13 março 2008

A sala

Era uma sala muito engraçada. Tinha teto, tinha tudo. Tinha até uma pista de dança que era usada quando alguém queria soltar a franga.

Nessa sala, tinha um motoqueiro cabeludo e barbudo que fazia barulhos, ruídos, estalos e gemidos. Tinha também mais dois motoqueiros, um sem barba e sem muito cabelo, que morava num aquário gigante, e outro que você vai conhecer depois. Tinha a moça que botava ordem na casa e que fazia falta quando estava de férias. Ela adorava tomar sorvete. Tinha um bioconsciente vegetariano. Na verdade, tinha dois bioconscientes vegetarianos. Um com um relógio dentro do estômago, o outro com o dicionário da propaganda dentro da cabeça. Tinha também três pessoas que falavam francês: um motoqueiro temperamental, uma danificada tagarela e um que sempre sorria. Sempre.

Era uma sala muito engraçada, muito bizarra, com cada tipo estranho, engraçado e diferente. Era tanta loucura, que um moleque maloca maluco não agüentou, e fugiu pra outra sala, onde ele podia fazer mais arte. Pela sala também passaram um menino-peixe, que foi fisgado pela boca, e uma mulher cheia de idéias, que foi plantar as suas em um terreno seu.

Era uma sala muito engraçada que vai ficar longe no horizonte, que vai ficar na página que acabou de virar, que vai ficar na memória e no coração de todo maluco que passa por lá.

04 março 2008

Greta Maluca

Depois da morte do cientista maluco, Greta ficou sozinha em casa, sozinha no mundo. A mãe teve uma briga feia com seu pai quando ela tinha 7 anos. Sumiu e nunca mais deu notícias. De qualquer maneira, elas não se davam muito bem mesmo. Serena, mãe de Greta, só pensava em beber. E sabe-se lá o que ela fazia quando saía pra trabalhar à noite e só voltava quando Greta estava indo para a escola.

A infância não foi fácil. Apesar de ser o xodó do papai, uma presença feminina sempre fez falta. Seu pai não tinha muito tempo pra lhe dar atenção. Ele voltava de seu emprego na fábrica de sabão e ia direto para o sótão. Quando pequena, Greta nunca subia lá. Seu pai raramente deixava. Mas, ela não se importava muito. Aquilo tinha cheiro de coisa estranha. Cheiros que ela nunca havia sentido antes.

Mas agora, ela estava velha.
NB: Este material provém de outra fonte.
Lemma hub_rank_par x : x != top_hub -> hub_rank (hub_par x) < hub_rank x.
Proof.
rewrite /hub_rank => /negbTE ->; case gx: (hub_gap x <= depth x); rewrite /hub_par gx ?eqxx //.
have : depth (iter (hub_gap x) par x) < depth x.
  by rewrite depth_iter_par; have := hub_gap_gt0 x; lia.
by move=> lt; case: ifP => _ //; case: ifP => _; lia.
Qed.

Lemma branch_off_spine x q : q < D -> q < depth x ->
  anc_at x q.+1 != anc_at y q.+1 -> depth x - q <= q.
Proof.
move=> qD qx neq; have [n xy nD] := ecc_y x.
have := fork_dist neq _ (in_subtree_anc_at x q.+1) (in_subtree_anc_at y q.+1) xy.
by rewrite !depth_anc_at ?depth_y //; move=> /(_ erefl); lia.
Qed.

(* If [x] leaves the diametral path at depth [q < top_level], it is within
   [(depth x - q) + (top_level - q) <= top_level <= k] of [top_hub]. *)
Lemma dist_le_top_hub x : depth x < hub_gap x -> dist_le e k x top_hub.
Proof.
move=> nohub; case: top_level_spec => p0 pk _ _.
have pD : top_level <= depth y by rewrite depth_y; apply: leq_trans pk (ltnW k_lt_D).
pose meet j := [&& j <= depth x, j <= D & anc_at x j == anc_at y j].
have meet0 : meet 0 by rewrite /meet !anc_at0 eqxx.
have meetD j : meet j -> j <= D by case/and3P.
have [q /and3P[qx qD /eqP xyq] qmax] := ex_maxnP (ex_intro meet 0 meet0) meetD.
have [pq|qp] := leqP top_level q.
  have xp : anc_at x top_level = top_hub.
    by rewrite /top_hub -(subKn pq) -!iter_par_anc_at ?xyq ?depth_y ?leq_subr.
  have [xtop|] := eqVneq (depth x) top_level.
    by rewrite -xp /anc_at xtop subnn; apply: dist_le_leq (dist_le_refl _ _).
  move=> xtop; have := @hub_gap_le x (depth x - top_level).
  by rewrite -[iter _ par x]/(anc_at x _) xp hub_top_hub; lia.
have branch : depth x - q <= q.
  have [->|xq] := eqVneq q (depth x); first by rewrite subnn.
  have qD' : q < D by apply: leq_trans qp (leq_trans pk (ltnW k_lt_D)).
  apply: (branch_off_spine qD'); first by rewrite ltn_neqAle xq.
  by apply/negP => xyq1; have := qmax q.+1; rewrite /meet xyq1 qD' andbT; lia.
have x_q : dist_le e (depth x - q) x (anc_at x q) := dist_le_sym e_sym (dist_le_iter_par _ x).
have q_top : dist_le e (top_level - q) (anc_at x q) top_hub.
  have -> : anc_at x q = iter (top_level - q) par top_hub.
    by rewrite xyq iter_par_anc_at ?leq_subr // subKn // ltnW.
  exact: dist_le_iter_par.
by apply: dist_le_leq (dist_le_cat x_q q_top); lia.
Qed.

Lemma dist_le_hub_par x : dist_le e k x (hub_par x).
Proof.
rewrite /hub_par; case: (leqP (hub_gap x) (depth x)) => [gx|]; last exact: dist_le_top_hub.
exact: dist_le_leq (hub_gap_le_k gx) (dist_le_sym e_sym (dist_le_iter_par _ x)).
Qed.
(* Let $u,v\ge0$ be real numbers and let $\mu=\sum_{i,j\ge0}\sum_{\sigma\in\Delta}c_{\sigma,i,j}\sigma X^iY^j\in D^{(u,v)}(G_{p^\infty},F)$. Let $\omega_{\mathfrak p}\in\Omega_{\mathfrak p}$ and put $F'=F(\omega_{\mathfrak p}(\gamma_{\mathfrak p}))$. Then the distribution $\mu^{(\omega_{\mathfrak p})}$ lies in $D^{(v)}(G_{\overline{\mathfrak p}^\infty},F')$.
   Context: Let $K$ be an imaginary quadratic field in which the odd prime $p$ splits as $\mathfrak p\overline{\mathfrak p}$. For an ideal $\mathfrak I$ of $K$, $G_{\mathfrak I}$ is the ray class group of $K$ modulo $\mathfrak I$; $G_{p^\infty}=\varprojlim G_{p^n}$, $G_{\mathfrak p^\infty}=\varprojlim G_{\mathfrak p^n}$, $G_{\overline{\mathfrak p}^\infty}=\varprojlim G_{\overline{\mathfrak p}^n}$. Fix topological generators $\gamma_{\mathfrak p},\gamma_{\overline{\mathfrak p}}$ of the $\mathbb{Z}_p$-parts of $G_{\mathfrak p^\infty}$, $G_{\overline{\mathfrak p}^\infty}$, so $G_{p^\infty}\cong\Delta\times\langle\gamma_{\mathfrak p}\rangle\times\langle\gamma_{\overline{\mathfrak p}}\rangle$ with $\Delta$ finite abelian; $X=\gamma_{\mathfrak p}-1$, $Y=\gamma_{\overline{\mathfrak p}}-1$. $F$ is a finite extension of $\mathbb{Q}_p$ containing $\mu_{|\Delta|}$. For $u,v\ge0$, $D^{(u,v)}(G_{p^\infty},F)$ is the set of $\sum_{i,j\ge0}\sum_{\sigma\in\Delta}c_{\sigma,i,j}\sigma X^iY^j$ with $c_{\sigma,i,j}\in F$ and $\sup_{i,j}|c_{\sigma,i,j}|_p/(i^uj^v)<\infty$ for all $\sigma$ (powers of $0$ read as $1$). One-variable spaces $D^{(v)}(\cdot,F')$ are defined analogously with a single variable: series $\sum_j\sum_\sigma c_{\sigma,j}\sigma Y^j$ with $\sup_j|c_{\sigma,j}|_p/j^v<\infty$. For $\star\in\{\mathfrak p,\overline{\mathfrak p}\}$, $\Omega_\star$ is the set of characters of $G_{p^\infty}$ of conductor $\star^n$ for some $n\ge1$. For $\omega_{\mathfrak p}\in\Omega_{\mathfrak p}$, $\mu^{(\omega_{\mathfrak p})}$ denotes the one-variable distribution $\sum_{j\ge0}\sum_{\sigma\in\Delta}\big(\sum_{i\ge0}c_{\sigma,i,j}(\omega_{\mathfrak p}(\gamma_{\mathfrak p})-1)^i\big)\sigma Y^j$ (up to the root-of-unity factors $\omega_{\mathfrak p}(\sigma)$), characterised by $\mu^{(\omega_{\mathfrak p})}(\omega_{\overline{\mathfrak p}})=\mu(\omega_{\mathfrak p}\omega_{\overline{\mathfrak p}})$ for $\omega_{\overline{\mathfrak p}}\in\Omega_{\overline{\mathfrak p}}$. *)

From HB Require Import structures.
From mathcomp Require Import all_boot all_order all_algebra.
From mathcomp Require Import all_classical all_reals all_analysis.
Set Implicit Arguments. Unset Strict Implicit. Unset Printing Implicit Defensive.
Import Order.TTheory GRing.Theory Num.Theory.
Local Open Scope ring_scope.

Definition is_nonarch_abs (R : realType) (L : fieldType) (abs : L -> R) : Prop :=
  [/\ forall x, 0 <= abs x,
      forall x, abs x = 0 <-> x = 0,
      forall x y, abs (x * y) = abs x * abs y
    & forall x y, abs (x + y) <= Num.max (abs x) (abs y)].

Definition abs_cvg (R : realType) (L : fieldType) (abs : L -> R)
  (s : nat -> L) (l : L) : Prop :=
  forall e : R, 0 < e -> exists N : nat, forall n, (N <= n)%N -> abs (l - s n) < e.

Definition abs_cauchy (R : realType) (L : fieldType) (abs : L -> R)
  (s : nat -> L) : Prop :=
  forall e : R, 0 < e -> exists N : nat, forall m n, (N <= m)%N -> (N <= n)%N ->
    abs (s m - s n) < e.

Definition abs_complete (R : realType) (L : fieldType) (abs : L -> R) : Prop :=
  forall s : nat -> L, abs_cauchy abs s -> exists l, abs_cvg abs s l.

Definition abs_series_to (R : realType) (L : fieldType) (abs : L -> R)
  (a : nat -> L) (l : L) : Prop :=
  abs_cvg abs (fun n => \sum_(i < n) a i) l.

(* i^u with the convention 0^u = 1 ("powers of 0 read as 1") *)
Definition wpow (R : realType) (i : nat) (u : R) : R :=
  if i == 0%N then 1 else powR (i%:R) u.

(* Coefficient families of D^{(u,v)}(G_{p^infty}, L):
   sup_{i,j} |c_{sigma,i,j}| / (i^u j^v) < infinity for every sigma. *)
Definition in_D2 (R : realType) (L : fieldType) (abs : L -> R) (Delta : finType)
  (u v : R) (c : Delta -> nat -> nat -> L) : Prop :=
  forall sigma, exists C : R, forall i j,
    abs (c sigma i j) <= C * (wpow i u * wpow j v).

(* One-variable coefficient families of D^{(v)}(., L). *)
Definition in_D1 (R : realType) (L : fieldType) (abs : L -> R) (Delta : finType)
  (v : R) (d : Delta -> nat -> L) : Prop :=
  forall sigma, exists C : R, forall j, abs (d sigma j) <= C * wpow j v.

From HB Require Import structures.
From mathcomp Require Import all_boot all_order all_algebra.
From mathcomp Require Import all_classical all_reals all_analysis.
From mathcomp Require Import ring lra.
Import Order.TTheory GRing.Theory Num.Theory.
Local Open Scope ring_scope.

(* Since [zeta] is a [p]-power root of unity and [|p| < 1], [r := |zeta - 1| < 1]:
   inductively [|zeta^p - 1| < 1], and [(1 + y)^p - 1 - y^p] has all its
   coefficients divisible by [p].  Hence
   [|c_{sigma,i,j} (zeta - 1)^i| <= C j^v (i^u r^i)], where [i^u r^i] is bounded
   by some [K] and tends to [0].  In a complete non-archimedean field a series
   whose terms tend to [0] converges, and its sum is bounded by any bound on its
   terms, so the [j]-th coefficient of [mu^(omega)] has norm at most
   [|w sigma| C K j^v]. *)

Section NonarchAbs.
Set Implicit Arguments. Unset Strict Implicit.
Variables (R : realType) (L : fieldType) (abs : L -> R).
Hypothesis abs_na : is_nonarch_abs abs.

Lemma nabs_ge0 x : 0 <= abs x.
Proof. by case: abs_na. Qed.

Lemma nabs0 : abs 0 = 0.
Proof. by case: abs_na => _ abs_eq0 _ _; apply/abs_eq0. Qed.

Lemma nabsM x y : abs (x * y) = abs x * abs y.
Proof. by case: abs_na. Qed.

Lemma nabs1 : abs 1 = 1.
Proof.
have abs1_neq0 : abs 1 != 0.
  by case: abs_na => _ abs_eq0 _ _; apply/eqP => /abs_eq0/eqP; rewrite oner_eq0.
have := nabsM 1 1; rewrite mulr1 => abs1_sqr.
by apply: (mulIf abs1_neq0); rewrite mul1r -abs1_sqr.
Qed.

Lemma nabsX x k : abs (x ^+ k) = abs x ^+ k.
Proof. by elim: k => [|k IH]; rewrite ?nabs1 // !exprS nabsM IH. Qed.

Lemma nabsN1 : abs (-1) = 1.
Proof.
apply/eqP; rewrite -(@pexpr_eq1 _ _ 2) ?nabs_ge0 //.
by rewrite -nabsX sqrrN expr1n nabs1.
Qed.

Lemma nabsN x : abs (- x) = abs x.
Proof. by rewrite -mulN1r nabsM nabsN1 mul1r. Qed.

Lemma nabs_distC x y : abs (x - y) = abs (y - x).
Proof. by rewrite -nabsN opprB. Qed.

Lemma nabsD_le x y (B : R) : abs x <= B -> abs y <= B -> abs (x + y) <= B.
Proof.
case: abs_na => _ _ _ ultra xB yB.
by apply: le_trans (ultra x y) _; rewrite ge_max xB yB.
Qed.

Lemma nabs_sum_le (I : Type) (r : seq I) (P : pred I) (F : I -> L) (B : R) :
  0 <= B -> (forall i, P i -> abs (F i) <= B) -> abs (\sum_(i <- r | P i) F i) <= B.
Proof.
move=> B_ge0 FB; apply: (big_ind (fun x => abs x <= B)) => //.
  by rewrite nabs0.
by move=> x y; apply: nabsD_le.
Qed.

Lemma nabs_natr_le1 k : abs (k%:R : L) <= 1.
Proof.
by elim: k => [|k IH]; rewrite ?nabs0 // -addn1 natrD; apply: nabsD_le; rewrite ?nabs1.
Qed.

Lemma nabs_root1 (z : L) k : (0 < k)%N -> z ^+ k = 1 -> abs z = 1.
Proof.
move=> k_gt0 zk1; apply/eqP; rewrite -(pexpr_eq1 k_gt0) ?nabs_ge0 //.
by rewrite -nabsX zk1 nabs1.
Qed.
Velha e sozinha. Perdeu dois dedos em uma experiência do pai. E ficou com cicatrizes no rosto depois de uma pequena explosão no "laboratório". Ninguém a quis. Pobre Greta. De feia virou ranzinza. E aí, a menor possibilidade de encontrar alguém se extinguiu.

Adolescente, acompanhava as experiências do pai pelo buraco da fechadura. Com o tempo, conseguiu permissão dele para observar mais de perto. Aos 20, começou a participar das maluquices daquele cientista maluco que era seu pai.

Acabou trabalhando a vida toda na mesma fábrica de sabão onde ele havia sido funcionário. Em 2 anos, ela se aposentaria. Mas, com a morte do pai, a pobre Greta entrou em depressão e abandonou o emprego.

Velha, sozinha, feia e ranzinza. Não tinha nada na vida. Seus únicos amigos eram os 10 gatos de diversas raças, um pastor alemão e o ratinho Stuart. Greta precisava de mais do que isso. Precisava de mais atenção e carinho. Queria seu pai de volta.

O cérebro estava congelado no freezer da cozinha. Ela só precisaria disso. Preparou o laboratório, separou dois gatos e o velho pastor alemão. Dois pequenos mais um velho e um cérebro dá o quê? Um pai com três corações. Muito carinhoso e fofinho, com seu pêlo macio.

Ele articulava palavras com uma certa dificuldade. Não conseguia mais fazer experiências, mas dava muitos conselhos a Greta. Ela voltou a trabalhar. Enquanto estava fora, seu pai limpava a casa.

Quando o coração do cachorro parou de bater, Greta trocou pelo de um vira-lata que estava passando pela rua. E ela ainda tinha 8 gatos espalhados pela casa.